I have touched on this topic from time to time but have not, until now, addressed it in detail. I am speaking about the astonishing lack of restraint that is not only allowed in our culture, but actually applauded. One sees it especially in sports where one team member will call out his teammate and trash him in public while the talking heads on television applaud him for his “emotional honesty.” There was a time, not long ago, when Johnny Unitas would throw a touchdown pass to Raymond Berry who would smile, toss the ball to the referee and trot back to the bench. Rod Laver would win one of his “Grand Slam” tournaments, smile, jog to the net and shake hands with his opponent. But no more. This sort of behavior is not regarded as exhibiting “emotional honesty” and would never make Sports Center.
We now see the football players make a touchdown and then beat their chests like great apes drawing attention to themselves and getting huge applause from the crowds. The tendency has even infiltrated the more tranquil sports (if you will) like tennis and golf where the victors throw themselves down on the court after the final point or pound their chests after the last putt drops in like….well, like a great ape. The act itself is one thing, but the fact that the cameras follow those types and avoid the more sedate players who simply behave themselves is worth a moment’s reflection. Why do we think it worthy of praise if a man or a woman wallows in self-applause, insults another person, or “lets it all hang out”? The less restraint the better, we are led to believe. And it’s not just in sports. Many admire our sitting president for these very qualities, which can by no stretch of the imagination be regarded as estimable.
I think back to the Greeks who prized self-control. Homer, for example, describes Achilles’ actions after the death of his close friend Patroclus — which was every bit the sort of thing we see on television every day: dragging Hector’s corpse around the walls of Troy. He then learns restraint in granting Hector’s father permission to take Hector back to Troy and provide him with the hero’s burial he justly deserves. And that seems to be the lesson. Indeed, the Greek plays, especially, are full of examples of heroes who cross the line and behave in an unrestrained manner and then have to pay the price. This is the heart and soul of tragedy. And Plutarch’s Lives were written about true heroes who exemplified self-control in order to provide examples to the young people who read them years later.
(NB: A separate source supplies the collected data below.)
(* A right ideal of [A] is a left ideal of [opposite A]. *)
Lemma minimal_right_ideal_principal t : semiprime A -> mul t e = t -> t <> zero ->
  minimal_left_ideal (opposite A) (fun z => exists a, z = mul t a).
Proof.
  intros hSP Hte Ht0. pose proof He as [Hee _].
  split; [split; [|split; [|split]]|split]; simpl.
  - exists zero. symmetry; apply mul_0_r.
  - intros x1 x2 [a1 ->] [a2 ->]. exists (add a1 a2). symmetry; apply mul_add_r.
  - intros c x1 [a1 ->]. exists (scal c a1). symmetry; apply mul_scal_r.
  - intros a x1 [a1 ->]. exists (mul a1 a). symmetry; apply mul_assoc.
  - exists t. split; auto. exists one. symmetry; apply mul_one_r.
  - intros J hJ HJ. destruct (classic (forall x, J x -> x = zero)) as [H|H]; [left; auto|right].
    apply not_all_ex_not in H. destruct H as [j Hj]. apply imply_to_and in Hj.
    destruct Hj as [Jj Hj0]. destruct (HJ j Jj) as [a ->].
    assert (Hea : mul e a <> zero).
    { intro E. apply Hj0. rewrite <- Hte, <- mul_assoc, E. apply mul_0_r. }
    destruct (minimal_idempotent_right_unit (mul e a)) as [s Hs]; auto.
    { rewrite mul_assoc, Hee; auto. }
    assert (Jt : J t).
    { replace t with (mul (mul t a) s). apply (left_ideal_mul (opposite A) J s _ hJ Jj).
      rewrite <- Hte at 2. rewrite <- Hs, !mul_assoc, Hte. reflexivity. }
    intros x [b ->]. apply (left_ideal_mul (opposite A) J b t hJ Jt).
Qed.

End MinimalIdempotent.

Lemma soc_opposite (A : CBanachAlgebra) x : semiprime A -> soc A x -> soc (opposite A) x.
Proof.
  intros hSP [n [v [Hv ->]]]. exists n, v. split; [|reflexivity].
  intros i Hi. destruct (Hv i Hi) as [L [HL Lv]].
  destruct (minimal_left_ideal_idempotent A L hSP HL) as [e [HMI [Le HLe]]].
  pose proof HMI as [_ [He0 _]].
  destruct (classic (v i = zero)) as [Hv0|Hv0].
  - exists (fun z => exists a, z = mul e a). split.
    + exact (minimal_right_ideal_principal A e HMI e hSP (proj1 HMI) He0).
    + exists zero. rewrite Hv0. symmetry; apply mul_0_r.
  - exists (fun z => exists a, z = mul (v i) a). split.
    + exact (minimal_right_ideal_principal A e HMI (v i) hSP (HLe _ Lv) Hv0).
    + exists one. symmetry; apply mul_one_r.
Qed.

Lemma soc_of_opposite (A : CBanachAlgebra) x : semiprime A -> soc (opposite A) x -> soc A x.
Proof. intros hSP. apply (soc_opposite (opposite A) x (semiprime_opposite A hSP)). Qed.

Lemma soc_mul_r (A : CBanachAlgebra) a x : semiprime A -> soc A x -> soc A (mul x a).
Proof.
  intros hSP H. apply soc_of_opposite; auto.
  apply (soc_mul (opposite A) a x). apply soc_opposite; auto.
Qed.
Section LocalUnits.
Variable A : CBanachAlgebra.
Hypothesis hSP : semiprime A.
Implicit Types (x y z w e f : A).

(* [f + e - fe] is the idempotent adjoining [e] to [f] when [ef = 0]. *)
Lemma mul_idempotent_join w f e :
  mul w (add (add f e) (opp (mul f e))) = add (mul w f) (mul (add w (opp (mul w f))) e).
Proof. ncring. Qed.

Lemma idempotent_join f e : mul f f = f -> mul e e = e -> mul e f = zero ->
  mul (add (add f e) (opp (mul f e))) (add (add f e) (opp (mul f e))) = add (add f e) (opp (mul f e)).
Proof.
  intros Hf He Hef. rewrite mul_idempotent_join.
  replace (mul (add (add f e) (opp (mul f e))) f) with f.
  - replace (mul (add (add (add f e) (opp (mul f e))) (opp f)) e) with (add e (opp (mul f e))); [ncring|].
    transitivity (add (mul e e) (opp (mul f (mul e e)))); [rewrite He; ncring | ncring].
  - transitivity (add (add (mul f f) (mul e f)) (opp (mul f (mul e f)))); [|ncring].
    rewrite Hef, Hf. ncring.
Qed.

Lemma soc_idempotent_extend f L y : mul f f = f -> soc A f -> minimal_left_ideal A L -> L y ->
  exists f', mul f' f' = f' /\ soc A f' /\ mul y f' = y /\ (forall z, mul z f = z -> mul z f' = z).
Proof.
  intros Hff Hsf HL Hy.
  destruct (classic (forall l, L l -> mul l f = l)) as [Hall|Hn].
  { exists f. repeat split; auto. }
  assert (Hl0 : exists l, L l /\ mul l (add one (opp f)) <> zero).
  { apply not_all_ex_not in Hn. destruct Hn as [l0 Hl0]. apply imply_to_and in Hl0.
    destruct Hl0 as [Ll0 Hl0]. exists l0. split; auto. intro E. apply Hl0.
    symmetry. apply sub_eq_0. rewrite <- E. ncring. }
  set (M := right_image A L (add one (opp f))).
  assert (HM : minimal_left_ideal A M) by (apply minimal_left_ideal_right_image; auto).
  destruct (minimal_left_ideal_idempotent A M hSP HM) as [e [[Hee _] [Me HMe]]].
  assert (Hef : mul e f = zero).
  { destruct Me as [l1 [_ ->]]. transitivity (mul l1 (add f (opp (mul f f)))); [ncring|].
    rewrite Hff, add_opp. apply mul_0_r. }
  exists (add (add f e) (opp (mul f e))). split; [|split; [|split]].
  - apply idempotent_join; auto.
  - assert (soc A e) by (apply (soc_minimal A M); auto).
    apply soc_sub; [apply soc_add|apply soc_mul]; auto.
  - rewrite mul_idempotent_join, HMe; [ncring|]. exists y. split; auto. ncring.
  - intros z Hz. rewrite mul_idempotent_join, Hz, add_opp, mul_0_l. apply add_zero.
Qed.

Lemma soc_idempotent_extend_soc f x : mul f f = f -> soc A f -> soc A x ->
  exists f', mul f' f' = f' /\ soc A f' /\ mul x f' = x /\ (forall z, mul z f = z -> mul z f' = z).
Proof.
  intros Hff Hsf [n [v [Hv ->]]]. revert f Hff Hsf. induction n; intros f Hff Hsf.
  - exists f. repeat split; auto. apply mul_0_l.
  - destruct (IHn (fun i Hi => Hv i (Nat.lt_lt_succ_r _ _ Hi)) f Hff Hsf)
      as [f1 [H1 [S1 [X1 P1]]]].
    destruct (Hv n (Nat.lt_succ_diag_r n)) as [L [HL Ly]].
    destruct (soc_idempotent_extend f1 L (v n) H1 S1 HL Ly) as [f2 [H2 [S2 [X2 P2]]]].
    exists f2. repeat split; auto. simpl. rewrite mul_add_l, P2, X2; auto.
Qed.

Lemma soc_common_right_unit n (w : nat -> A) : (forall i, (i < n)%nat -> soc A (w i)) ->
  exists f, soc A f /\ forall i, (i < n)%nat -> mul (w i) f = w i.
Proof.
  intros Hw.
  enough (exists f, mul f f = f /\ soc A f /\ forall i, (i < n)%nat -> mul (w i) f = w i)
    as [f [_ Hf]] by (exists f; exact Hf).
  induction n.
  - exists zero. split; [apply mul_0_l|split]; [apply soc_zero | intros; lia].
  - destruct IHn as [f [Hf [Sf Xf]]]; [intros; apply Hw; lia|].
    destruct (soc_idempotent_extend_soc f (w n) Hf Sf (Hw n (Nat.lt_succ_diag_r n)))
      as [f' [H1 [S1 [X1 P1]]]].
    exists f'. repeat split; auto. intros i Hi.
    destruct (Nat.eq_dec i n) as [->|Hne]; auto. apply P1, Xf. lia.
Qed.

End LocalUnits.

Lemma soc_common_left_unit (A : CBanachAlgebra) n (w : nat -> A) : semiprime A ->
  (forall i, (i < n)%nat -> soc A (w i)) ->
  exists g, soc A g /\ forall i, (i < n)%nat -> mul g (w i) = w i.
Proof.
  intros hSP Hw.
  destruct (soc_common_right_unit (opposite A) (semiprime_opposite A hSP) n w) as [g [Hg Hgw]].
  { intros i Hi. apply soc_opposite; auto. }
  exists g. split; [apply soc_of_opposite; auto | exact Hgw].
Qed.
Lemma le_cv_0 (a C : R) (s : nat -> R) : Un_cv s 0 -> (forall n, a <= C * s n) -> a <= 0.
Proof.
  intros Hs Ha. apply Rnot_lt_le. intro Hpos.
  destruct (Hs (a / (Rabs C + 1))) as [N HN].
  { apply Rdiv_lt_0_compat; auto. pose proof (Rabs_pos C); lra. }
  specialize (HN N (le_n N)). specialize (Ha N). unfold R_dist in HN.
  rewrite Rminus_0_r in HN.
  assert (C * s N <= Rabs C * Rabs (s N)) by (rewrite <- Rabs_mult; apply Rle_abs).
  assert (Rabs C * Rabs (s N) <= Rabs C * (a / (Rabs C + 1)))
    by (apply Rmult_le_compat_l; [apply Rabs_pos | lra]).
  assert (Rabs C * (a / (Rabs C + 1)) < a).
  { pose proof (Rabs_pos C). apply Rmult_lt_reg_r with (Rabs C + 1); [lra|].
    replace (Rabs C * (a / (Rabs C + 1)) * (Rabs C + 1)) with (Rabs C * a) by (field; lra).
    lra. }
  lra.
Qed.

Section Corner.
Variable A : CBanachAlgebra.
Variable e : A.
Hypothesis He : mul e e = e.
Implicit Types b c : A.

Definition in_corner b : Prop := mul e b = b /\ mul b e = b.

Lemma in_corner_add b c : in_corner b -> in_corner c -> in_corner (add b c).
Proof.
  intros [H1 H2] [H3 H4]. split; [rewrite mul_add_r, H1, H3 | rewrite mul_add_l, H2, H4]; auto.
Qed.
Lemma in_corner_opp b : in_corner b -> in_corner (opp b).
Proof. intros [H1 H2]. split; [rewrite <- H1 at 2 | rewrite <- H2 at 2]; ncring. Qed.
Lemma in_corner_zero : in_corner zero.
Proof. split; [apply mul_0_r | apply mul_0_l]. Qed.
Lemma in_corner_mul b c : in_corner b -> in_corner c -> in_corner (mul b c).
Proof.
  intros [H1 H2] [H3 H4]. split; [rewrite mul_assoc, H1 | rewrite <- mul_assoc, H4]; auto.
Qed.
Lemma in_corner_unit : in_corner e.
Proof. split; exact He. Qed.
Lemma in_corner_scal a b : in_corner b -> in_corner (scal a b).
Proof.
  intros [H1 H2]. split; [rewrite mul_scal_r, H1 | rewrite mul_scal_l, H2]; auto.
Qed.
The Victorian age followed the Greeks in their praise of self-restraint, and that age has generally been dismissed as repleat with human suffering and emotional hang-ups that required Freud to untangle. Focus tends to be on the manifold sins of the age in which the people were all “uptight” by today’s standards and tended to look the other way as the poor were left to fend for themselves. But a peek behind the curtain of the Victorian ethos reveals a people who prized self-restraint every bit as much as did the Greeks. George Eliot is a case in point. Her novels are filled with heroes and heroines who know the value of self-restraint, who seek always to control their emotions, do their duty, and respect others. There is no better example than the remarkable woman Maggie Tulliver in Eliot’s The Mill On The Floss who falls deeply in love with Stephen Guest who is promised to another. The man, as it happens, also loves Maggie and seeks to “compromise her” as the Victorians would have it.
In a lengthy passage that goes on for pages, the would-be seducer manages to divert Maggie’s attention while they are drifting down the river, passing the landing spot they had initially targeted. This means they will have to spend the night together after they land down-stream. This was no accident as Stephen repeatedly attempts to win Maggie over and she fights against his will and her own deepest desires. She sums up the struggle in the following passage:
“I am quite sure that [this] is wrong. I have tried to think of it again and again; but I see, if we judged in [your] way that it would be a warrant for all treachery and cruelty – we should justify breaking the most sacred ties that can ever be framed on earth. If the past does not bind us, where can duty lie? We should have no law but the inclination of the moment. . . Faithfulness and constancy mean something else besides doing what is easiest and pleasantest to ourselves. They mean renouncing whatever is opposed to the reliance others have in us – whatever would cause misery to those whom the course of our lives has made dependent on us.”
Bear in mind that in the eyes of her society Maggie has already compromised herself. She is a sinful woman who has spent the day — and the night ahead as it happens — with a man betrothed to her best friend. But regardless of the consequences Maggie sees her duty to others clearly and provides us with an excellent example of the self-restraint of which I write. It is truly admirable — through it would almost certainly be dismissed these days as an example of a woman who needs to “give it a rest” and be more honest with her feelings.
The fact is, of course, she is totally honest with her feelings. She knows exactly how she feels and her feelings are every bit as strong as Stephen’s. But she resists “the inclination of the moment.” She shows the sort of self-restraint that the Greeks admired. Eliot knew about the struggles between desire and duty and always sought to do the right thing. As a result she was greatly admired while today, I wager, she would be dismissed out of hand as a wooly headed fool.
Thus things do change. And not always for the better.